### What is required
Copy the entries exactly. Leave nothing out and add nothing.

(Information shown Opens)

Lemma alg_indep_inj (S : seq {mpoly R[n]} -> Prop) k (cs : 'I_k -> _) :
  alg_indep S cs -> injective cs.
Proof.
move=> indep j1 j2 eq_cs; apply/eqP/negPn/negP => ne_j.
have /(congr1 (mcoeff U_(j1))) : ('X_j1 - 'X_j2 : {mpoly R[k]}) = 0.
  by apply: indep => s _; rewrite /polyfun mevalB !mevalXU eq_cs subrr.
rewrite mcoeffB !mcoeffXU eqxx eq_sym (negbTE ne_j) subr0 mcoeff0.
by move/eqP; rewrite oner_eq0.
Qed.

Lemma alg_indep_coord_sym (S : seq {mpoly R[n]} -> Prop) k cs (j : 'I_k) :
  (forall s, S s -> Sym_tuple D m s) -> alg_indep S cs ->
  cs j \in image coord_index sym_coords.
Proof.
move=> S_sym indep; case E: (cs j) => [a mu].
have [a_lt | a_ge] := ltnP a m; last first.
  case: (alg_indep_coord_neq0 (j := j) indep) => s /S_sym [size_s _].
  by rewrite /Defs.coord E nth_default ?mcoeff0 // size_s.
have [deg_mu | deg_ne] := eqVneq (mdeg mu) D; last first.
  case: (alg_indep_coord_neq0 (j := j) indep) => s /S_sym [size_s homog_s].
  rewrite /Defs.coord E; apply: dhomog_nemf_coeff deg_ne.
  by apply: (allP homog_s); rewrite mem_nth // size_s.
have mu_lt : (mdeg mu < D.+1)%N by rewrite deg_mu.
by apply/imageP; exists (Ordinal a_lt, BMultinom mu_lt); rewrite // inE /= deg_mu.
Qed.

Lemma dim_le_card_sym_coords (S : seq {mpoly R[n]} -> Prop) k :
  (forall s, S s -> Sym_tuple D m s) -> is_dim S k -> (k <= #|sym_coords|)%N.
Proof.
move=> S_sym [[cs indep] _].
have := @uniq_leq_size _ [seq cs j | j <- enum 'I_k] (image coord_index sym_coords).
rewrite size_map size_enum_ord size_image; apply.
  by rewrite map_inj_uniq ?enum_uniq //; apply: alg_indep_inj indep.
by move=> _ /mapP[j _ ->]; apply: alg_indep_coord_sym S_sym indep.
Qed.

(Information shown Closes)

### Exercise answer
Lemma alg_indep_inj (S : seq {mpoly R[n]} -> Prop) k (cs : 'I_k -> _) :
  alg_indep S cs -> injective cs.
Proof.
move=> indep j1 j2 eq_cs; apply/eqP/negPn/negP => ne_j.
have /(congr1 (mcoeff U_(j1))) : ('X_j1 - 'X_j2 : {mpoly R[k]}) = 0.
  by apply: indep => s _; rewrite /polyfun mevalB !mevalXU eq_cs subrr.
rewrite mcoeffB !mcoeffXU eqxx eq_sym (negbTE ne_j) subr0 mcoeff0.
by move/eqP; rewrite oner_eq0.
Qed.

Lemma alg_indep_coord_sym (S : seq {mpoly R[n]} -> Prop) k cs (j : 'I_k) :
  (forall s, S s -> Sym_tuple D m s) -> alg_indep S cs ->
  cs j \in image coord_index sym_coords.
Proof.
move=> S_sym indep; case E: (cs j) => [a mu].
have [a_lt | a_ge] := ltnP a m; last first.
  case: (alg_indep_coord_neq0 (j := j) indep) => s /S_sym [size_s _].
  by rewrite /Defs.coord E nth_default ?mcoeff0 // size_s.
have [deg_mu | deg_ne] := eqVneq (mdeg mu) D; last first.
  case: (alg_indep_coord_neq0 (j := j) indep) => s /S_sym [size_s homog_s].
  rewrite /Defs.coord E; apply: dhomog_nemf_coeff deg_ne.
  by apply: (allP homog_s); rewrite mem_nth // size_s.
have mu_lt : (mdeg mu < D.+1)%N by rewrite deg_mu.
by apply/imageP; exists (Ordinal a_lt, BMultinom mu_lt); rewrite // inE /= deg_mu.
Qed.

Lemma dim_le_card_sym_coords (S : seq {mpoly R[n]} -> Prop) k :
  (forall s, S s -> Sym_tuple D m s) -> is_dim S k -> (k <= #|sym_coords|)%N.
Proof.
move=> S_sym [[cs indep] _].
have := @uniq_leq_size _ [seq cs j | j <- enum 'I_k] (image coord_index sym_coords).
rewrite size_map size_enum_ord size_image; apply.
  by rewrite map_inj_uniq ?enum_uniq //; apply: alg_indep_inj indep.
by move=> _ /mapP[j _ ->]; apply: alg_indep_coord_sym S_sym indep.
Qed.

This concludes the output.